For 800 years now, there has been a funeral in this town every Navaratri

By Uday Mahurkar

The mourner and the mourned at the Hanuman temple in Kheralu

The shadows are lengthening when a group of people gathers in the Shrimaliwada area in Kheralu town in north Gujarat. Nothing out of the ordinary; it's the seventh day of Navaratri and people would come out for celebrations and worship. But suddenly, some men fall and lie immobile on the ground. Soon, other men converge on the spot and start singing the mareshiya, an elegy in praise of the men who have just fallen dead. They beat their chests and wail like women as they sing. Death at a time of festivities is a sad thing indeed.

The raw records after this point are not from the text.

(* From the cheaper endpoint of the edge, go around the pentagon. *)
Lemma sub_reach_mid_cen L e : sub_reach L (mid f e) -> sub_reach L.+1 (cen f e).
Proof.
case/sub_reach_mkMid=> [|ka [kb [reach_a reach_b le_L]]]; first exact: adjK_vtx.
apply/sub_reach_cen => j lt_j5.
have [le_ab|lt_ba] := leqP ka kb.
  exists (ka + cdist5 e j), (ka + cdist5 e j.+1); split; try exact: reach_around.
  by rewrite /cdist5; lia.
exists (kb + cdist5 e.+1 j), (kb + cdist5 e.+1 j.+1); split; try exact: reach_around.
by rewrite /cdist5; lia.
Qed.

Lemma sub_reach_old_mid L a b : adjK N a b -> sub_reach L a -> sub_reach L.+1 (mkMid a b).
Proof.
move=> adj_ab; have [aN _] := adjK_vertK adj_ab.
case/(sub_reach_old _ aN) => k [reach_a le_L]; apply/sub_reach_mkMid => //.
by exists k, k.+1; split; [|exact: reach_step reach_a adj_ab|lia].
Qed.

Lemma sub_reach_mid_old L a b : adjK N a b -> sub_reach L (mkMid a b) -> sub_reach L.+1 a.
Proof.
move=> adj_ab; have [aN _] := adjK_vertK adj_ab.
case/sub_reach_mkMid=> // ka [kb [reach_a reach_b le_L]]; apply/sub_reach_old => //.
have [le_ab|lt_ba] := leqP ka kb; first by exists ka; split=> //; lia.
by exists kb.+1; split; [apply: reach_step reach_b _; rewrite adjK_sym|lia].
Qed.

Lemma sub_reach_omega_edge L u w : omega_edge f u w ->
  (sub_reach L u -> sub_reach L.+1 w) /\ (sub_reach L w -> sub_reach L.+1 u).
Proof.
have adj_e e : adjK N (vtx f e) (vtx f e.+1) by exact: adjK_vtx.
have adj_e' e : adjK N (vtx f e.+1) (vtx f e) by rewrite adjK_sym.
case=> e -> ->; split.
- move/sub_reach_cen=> cen_e; apply/sub_reach_cen; apply: cen_reach_succ cen_e.
  by move=> j; rewrite /cdist5; lia.
- move/sub_reach_cen=> cen_e; apply/sub_reach_cen; apply: cen_reach_succ cen_e.
  by move=> j; rewrite /cdist5; lia.
- exact: sub_reach_old_mid.
- exact: sub_reach_mid_old.
- by rewrite /mid mkMidC; apply: sub_reach_mid_old.
- by rewrite /mid mkMidC; apply: sub_reach_old_mid.
- exact: sub_reach_mid_cen.
- exact: sub_reach_cen_mid.
Qed.
Definition left_end (G : game) : Prop := lopts G = [::].
Definition right_end (G : game) : Prop := ropts G = [::].
Definition left_dead_end (G : game) : Prop := forall H, subpos H G -> left_end H.
Definition right_dead_end (G : game) : Prop := forall H, subpos H G -> right_end H.

Definition universe (U : game -> Prop) : Prop :=
  (forall G H, U G -> is_option H G -> U H) /\
  (forall G H, U G -> U H -> U (gadd G H)) /\
  (forall G, U G -> U (conj G)) /\
  (forall gl gr : seq game, gl <> [::] -> gr <> [::] ->
      (forall g, List.In g gl -> U g) -> (forall g, List.In g gr -> U g) ->
      U (Game gl gr)).

Definition dead_ending (U : game -> Prop) : Prop :=
  forall G, U G -> forall H, subpos H G ->
    (left_end H -> left_dead_end H) /\ (right_end H -> right_dead_end H).

Definition left_strong (U : game -> Prop) (G : game) : Prop :=
  forall X, U X -> left_end X -> outcome_le oN (o (gadd G X)).

Fixpoint birthday (G : game) : nat :=
  match G with
  | Game gl gr => maxn (foldr (fun g m => maxn (birthday g).+1 m) 0 gl)
                   (foldr (fun g m => maxn (birthday g).+1 m) 0 gr)
  end.

Fixpoint trunc (n : nat) (G : game) : game :=
  match n with
  | 0 => Game [::] [::]
  | n'.+1 => Game [seq trunc n' g | g <- lopts G] [seq trunc n' g | g <- ropts G]
  end.

Definition gge (G H : game) : Prop :=
  forall X, outcome_le (o (gadd H X)) (o (gadd G X)).

Inductive cl (U : game -> Prop) : game -> Prop :=
| cl_base X : U X -> left_end X -> cl U X
| cl_opt G H : cl U G -> is_option H G -> cl U H
| cl_sum G H : cl U G -> cl U H -> cl U (gadd G H).

Definition trunc_set (U : game -> Prop) (n : nat) (X : game) : Prop :=
  exists G, cl U G /\ X = trunc n G.

Definition test_set (U : game -> Prop) (n : nat) (X : game) : Prop :=
  trunc_set U n X /\ (forall Y, trunc_set U n Y -> gge X Y -> gge Y X).

From Stdlib Require Import RelationClasses.
From mathcomp Require Import all_boot boolp.
Set Implicit Arguments. Unset Strict Implicit. Unset Printing Implicit Defensive.

(* Every Left end of a dead-ending universe is a Left dead end, so in G + X
   Left can only move in G.  Hence, by induction on G, the winner of G + X with
   Left moving first does not change when X is truncated at depth n = birthday G
   (with Right moving first the depth must exceed n, as Right may move in X):
   o(G + X) >= N iff o(G + tau_n X) >= N.
   Conversely, the games born by day n fall into finitely many classes of games
   interchangeable in every sum, so below tau_n X there is a minimal truncation
   Z, i.e. an element of T_n(U); then o(G + Z) >= N and tau_n X >= Z give
   o(G + tau_n X) >= N. *)

(* Recurses on [s] so that [game_ind'] passes the guard checker. *)
Fixpoint In_forall (A : Type) (P : A -> Prop) (f : forall x, P x) (s : seq A) :
  forall x, List.In x s -> P x :=
  match s return forall x, List.In x s -> P x with
  | [::] => fun x h => False_ind _ h
  | y :: s' => fun x h =>
      match h with
      | or_introl e => eq_ind y P (f y) x e
      | or_intror h' => In_forall f h'
      end
  end.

As the elegiac wailing comes to an end, the dead do a strange thing: they get up and join their own funeral procession. As four people carry an empty bier on their shoulders, in keeping with Hindu customs a boy will walk at the head of the procession with an earthen pot filled with burning cow dung. Not a smile crosses the faces of the mourners, mostly dressed in white and with red towels around their necks, as they chant "Ram Bolo Bhai Ram".

The Shrimali Brahmin community—residents mainly of five north Gujarat towns, including Kheralu, and some south Rajasthan villages—dedicates the seventh day of Navaratri to Goddess Chamunda. Those who want to propitiate the goddess to ward off any serious ailment come to Shrimaliwada and "die". "It's a question of belief," says Narharibhai Trivedi, 60, a retired schoolteacher who chose to "die" this year on October 4 after having suffered a heart attack. It was his way of warding off more cardiac concerns.

The Shrimalis take the ritual very seriously. There is no element of mockery or fun when the the funeral procession eventually stops near the Hanuman temple on the outskirts of Kheralu. There the dead get on the bier one by one amid the invocation of Ram's name. The chest-thumping and the crying begin anew as the mareshiya takes on a more poignant tone. After all the "dead" have had their turn at lying on the bier the mock obsequies come to an end with cries of "Chamunda ki jai". By 7 p.m. the ritual is over and both "dead" and mourners return home, secure in the belief that the goddess will keep them safe and sound.

A 'Life-Time' Promise: For 800 years now, the mada satham (mock funeral) of the Shrimali Brahmins has proceeded in this fashion. The age-old custom has undergone one modification in the past four decades. Earlier, instead of walking with the funeral, the "dead" used to be carried on the bier to the Hanuman temple one by one. There's no change in the devotion or the belief though. Hasmukhbhai Trivedi, a local fuel station owner and another of those who chose to "die" this year, says he did it to honour the goddess.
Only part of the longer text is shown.